ADuM4160 USB Isolator PCB panel

[ Update ] I now have ICs and complete parts kits of this design for sale in the store, as well as assembled and tested boards.

USB Isolator PCBs has arrived. In this article I will be talking about building and configuring one. The PCB was designed with hobbyist-friendly large size SMD packages and 10mil clearances and I hope it won’t be difficult to made one at home. The layout files are available from downloads section. If you never made PCBs before, buying it from me would probably be more economical.

Let’s talk about parts procurement. This is a BOM at Mouser sans ADuM4160, LT1376-5, and PCB. This is BOM at Digi-Key, which includes LT1376-5. Last time I checked, Digi-Key was way more expensive. As far as ADuM4160, since no one sells it in single quantities right now (check this using FindChips), the easiest way to get it is to ask Analog Devices for a sample, they are generous folks. I am planning on selling ADuM4160 too as soon as I get them in my hands.

Now, let’s discuss building the circuit. First of all, you need to understand one thing. This circuit is an isolator and consequently has two power rails and two grounds, marked GND and AGND. Don’t connect these two grounds together. Uplink side of ADuM4160 is powered from host USB bus, downlink power has to be provided form separate supply, usually wall wart. If you have 5V wall-wart capable of providing enough power to the USB device connected to the downlink port plus 10ma for isolator itself, you don’t need to build a regulator. Simply connect pad marked “Vin” to a pad marked “Vbus”. If your device is self-powered and have 3.3-5V supply, it can also be used to power downlink side of ADuM4160 by connecting it to “Vbus” pad.

If you decide to build a power supply it is very important to use wall wart which is center-positive(has “plus” contact in the center). If you reverse polarity, LT1376 will burn. Pads for pins 2 and 3 will be damaged as well so any subsequent repair will be difficult and will look ugly. Don’t ask me how I know. Also, if you have several wall warts, using one in 9-12V range would help the circuit to stay cool. Maximum input voltage is 25V, do not exceed it.

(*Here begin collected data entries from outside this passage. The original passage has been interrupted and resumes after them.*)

(* Let $(U(s,t))_{s\le t,\ s,t\in\mathbb{R}}$ be the evolution system of a Markov process on $\mathbb{R}^d$, with right generators $A_r^+$ and left generators $A_s^-$. Fix $s\in\mathbb{R}$ and let $f\in\mathcal{D}(A_s^+)$ be such that for some $\delta>0$ we have $f\in\bigcap_{r\in(s-\delta,s]}\mathcal{D}(A_r^+)$. Assume \[\lim_{h\downarrow 0}\ \sup_{r\in(s-\delta,s]}\left\|\frac{U(r,r+h)f-f}{h}-A_r^+f\right\|_\infty=0\] and \[\lim_{h\downarrow 0}\|A_{s-h}^+f-A_s^+f\|_\infty=0.\] Then $f\in\mathcal{D}(A_s^-)$ and $A_s^+f=A_s^-f$.
   Context: Let $(X_t)_{t\in\mathbb{R}}$ be an $\mathbb{R}^d$-valued (time-inhomogeneous) Markov process. Its evolution system is $U(s,t)f(x):=\mathbb{E}(f(X_t)\mid X_s=x)$ for $s\le t$, $f$ bounded Borel; it satisfies $U(s,s)=\mathrm{id}$, $U(s,t)=U(s,r)U(r,t)$ for $s\le r\le t$, positivity and $U(s,t)1=1$. $\|\cdot\|_\infty$ is the uniform norm and $C_\infty(\mathbb{R}^d)$ the continuous functions vanishing at infinity. The right generator at time $s$ is $A_s^+f:=\lim_{h\downarrow0}\frac{U(s,s+h)f-f}{h}$, defined on $\mathcal{D}(A_s^+)$, the set of $f\in C_\infty(\mathbb{R}^d)$ for which this limit exists in $\|\cdot\|_\infty$. The left generator is $A_s^-f:=\lim_{h\downarrow0}\frac{U(s-h,s)f-f}{h}$ on the set $\mathcal{D}(A_s^-)$ of $f\in C_\infty(\mathbb{R}^d)$ where this limit exists in $\|\cdot\|_\infty$. *)

From Stdlib Require Fin.
From Stdlib Require Import Reals.
Open Scope R_scope.

Definition Rd (d : nat) := Fin.t d -> R.

Definition fn (d : nat) := Rd d -> R.

Definition bounded {d : nat} (f : fn d) : Prop :=
  exists M : R, forall x, Rabs (f x) <= M.

(* Continuity on R^d (coordinatewise max-norm topology = usual topology). *)
Definition continuous_Rd {d : nat} (f : fn d) : Prop :=
  forall x (eps : R), 0 < eps -> exists delta : R, 0 < delta /\
    forall y, (forall i, Rabs (y i - x i) < delta) -> Rabs (f y - f x) < eps.

Definition vanish_at_infty {d : nat} (f : fn d) : Prop :=
  forall eps : R, 0 < eps -> exists M : R,
    forall x, (exists i, M < Rabs (x i)) -> Rabs (f x) < eps.

Definition C_infty {d : nat} (f : fn d) : Prop :=
  continuous_Rd f /\ vanish_at_infty f.

Definition sup_norm_le {d : nat} (g : fn d) (c : R) : Prop :=
  forall x, Rabs (g x) <= c.

(* Abstract evolution system U(s,t), s <= t, acting on bounded functions,
   with the properties listed in the context (identity, evolution property,
   positivity, conservativeness) plus linearity. *)
Definition evolution_system {d : nat} (U : R -> R -> fn d -> fn d) : Prop :=
  (forall s t f, s <= t -> bounded f -> bounded (U s t f)) /\
  (forall s f, bounded f -> forall x, U s s f x = f x) /\
  (forall s r t f, s <= r -> r <= t -> bounded f ->
      forall x, U s t f x = U s r (U r t f) x) /\
  (forall s t f, s <= t -> bounded f -> (forall x, 0 <= f x) ->
      forall x, 0 <= U s t f x) /\
  (forall s t, s <= t -> forall x, U s t (fun _ => 1) x = 1) /\
  (forall s t (a : R) f g, s <= t -> bounded f -> bounded g ->
      forall x, U s t (fun y => a * f y + g y) x = a * U s t f x + U s t g x).

(* f ∈ D(A_s^+) and A_s^+ f = g :
   f ∈ C_infty and (U(s,s+h)f - f)/h -> g in sup norm as h ↓ 0. *)
Definition is_right_gen {d : nat} (U : R -> R -> fn d -> fn d)
    (s : R) (f g : fn d) : Prop :=
  C_infty f /\
  forall eps : R, 0 < eps -> exists eta : R, 0 < eta /\
    forall h, 0 < h < eta ->
      sup_norm_le (fun x => (U s (s + h) f x - f x) / h - g x) eps.

(* f ∈ D(A_s^-) and A_s^- f = g :
   f ∈ C_infty and (U(s-h,s)f - f)/h -> g in sup norm as h ↓ 0. *)
Definition is_left_gen {d : nat} (U : R -> R -> fn d -> fn d)
    (s : R) (f g : fn d) : Prop :=
  C_infty f /\
  forall eps : R, 0 < eps -> exists eta : R, 0 < eta /\
    forall h, 0 < h < eta ->
      sup_norm_le (fun x => (U (s - h) s f x - f x) / h - g x) eps.

From Stdlib Require Import Reals Lra.
Open Scope R_scope.

(* The left difference quotient of f at s with step h,
     (U(s-h,s)f - f)/h,
   is exactly the right difference quotient at the moving base point
   r = s - h with the same step.  Write it as
     [right quotient at s-h  -  A_{s-h}^+ f]  +  [A_{s-h}^+ f - A_s^+ f]  +  A_s^+ f.
   The first bracket tends to 0 because the right quotients converge
   uniformly in r over (s - delta, s], so they may be evaluated along the
   diagonal r = s - h; the second bracket tends to 0 by the left continuity of
   r |-> A_r^+ f at s.  Hence the left quotients converge to A_s^+ f.
   The file first names uniform convergence as h tends to 0 from above, proves
   the triangle inequality for the sup-norm bound and the resulting
   "F - G -> 0 and G -> g imply F -> g" principle, then the diagonal lemma, and
   finally assembles the theorem. *)

Definition sup_conv {d : nat} (F : R -> fn d) (g : fn d) : Prop :=
  forall eps : R, 0 < eps -> exists eta : R, 0 < eta /\
    forall h, 0 < h < eta -> sup_norm_le (fun x => F h x - g x) eps.

Lemma sup_norm_le_add {d : nat} (g k : fn d) (a b : R) :
  sup_norm_le g a -> sup_norm_le k b ->
  sup_norm_le (fun x => g x + k x) (a + b).
Proof.
  intros Hg Hk x.
  eapply Rle_trans; [apply Rabs_triang |].
  apply Rplus_le_compat; [apply Hg | apply Hk].
Qed.

Lemma sup_conv_of_diff {d : nat} (F G : R -> fn d) (g : fn d) :
  sup_conv (fun h x => F h x - G h x) (fun _ => 0) -> sup_conv G g ->
  sup_conv F g.
Proof.
  intros HFG HG eps Heps.
  destruct (HFG (eps / 2)) as [e1 [He1 H1]]; [lra |].
  destruct (HG (eps / 2)) as [e2 [He2 H2]]; [lra |].
  exists (Rmin e1 e2); split; [now apply Rmin_pos |].
  intros h Hh x.
  pose proof (Rmin_l e1 e2); pose proof (Rmin_r e1 e2).
  assert (Hsum := sup_norm_le_add _ _ _ _ (H1 h ltac:(lra)) (H2 h ltac:(lra)) x).
  simpl in Hsum.
  replace (eps / 2 + eps / 2) with eps in Hsum by field.
  replace (F h x - g x) with (F h x - G h x - 0 + (G h x - g x)) by ring.
  exact Hsum.
Qed.

Lemma uniform_right_quotient_diagonal {d : nat} (U : R -> R -> fn d -> fn d)
    (s : R) (f : fn d) (Ap : R -> fn d) (delta : R) (Hdelta : 0 < delta) :
  (forall eps : R, 0 < eps -> exists eta : R, 0 < eta /\
     forall h, 0 < h < eta -> forall r, s - delta < r <= s ->
       sup_norm_le (fun x => (U r (r + h) f x - f x) / h - Ap r x) eps) ->
  sup_conv (fun h x => (U (s - h) s f x - f x) / h - Ap (s - h) x) (fun _ => 0).
Proof.
  intros Hunif eps Heps.
  destruct (Hunif eps Heps) as [eta [Heta Hbound]].
  exists (Rmin eta delta); split; [now apply Rmin_pos |].
  intros h Hh x.
  pose proof (Rmin_l eta delta); pose proof (Rmin_r eta delta).
  assert (Hdiag := Hbound h ltac:(lra) (s - h) ltac:(lra) x).
  replace (s - h + h) with s in Hdiag by ring.
  rewrite Rminus_0_r.
  exact Hdiag.
Qed.

Theorem lemma2p2 (d : nat) (U : R -> R -> fn d -> fn d)
  (HU : evolution_system U)
  (s : R) (f : fn d) (Ap : R -> fn d) (delta : R) (Hdelta : 0 < delta)
  (Hdom : forall r, s - delta < r <= s -> is_right_gen U r f (Ap r))
  (Hunif : forall eps : R, 0 < eps -> exists eta : R, 0 < eta /\
     forall h, 0 < h < eta -> forall r, s - delta < r <= s ->
       sup_norm_le (fun x => (U r (r + h) f x - f x) / h - Ap r x) eps)
  (Hcont : forall eps : R, 0 < eps -> exists eta : R, 0 < eta /\
     forall h, 0 < h < eta -> sup_norm_le (fun x => Ap (s - h) x - Ap s x) eps) :
  is_left_gen U s f (Ap s).
Proof.
  split.
  -
    destruct (Hdom s) as [Hf _]; [lra | exact Hf].
  -
    apply (sup_conv_of_diff _ (fun h => Ap (s - h))).
    + exact (uniform_right_quotient_diagonal U s f Ap delta Hdelta Hunif).
    + exact Hcont.
Qed.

How to substitute parts. I used CDRH5D18 inductor from Sumida. Values from 6.2 to 12uH work well. You can use another inductor if it of “shielded” variety, fits into the pads and its current rating is 1A or more. Another important components are input and output capacitors. They have to be low-ESR tantalum, similar to AVX TPS, which I use. 24 ohm resistors on D+ and D- must be 1% accurate. D1 must be 30V 2A Shottky; the one I use (MBRS130) works very well and is cheap. Other parts are not critical.

The USB speed of the isolator has to be set manually using two jumpers, separate for uplink and downlink. They must be set to the same speed. Full speed will work for almost anything, excluding maybe USB keyboards and mice.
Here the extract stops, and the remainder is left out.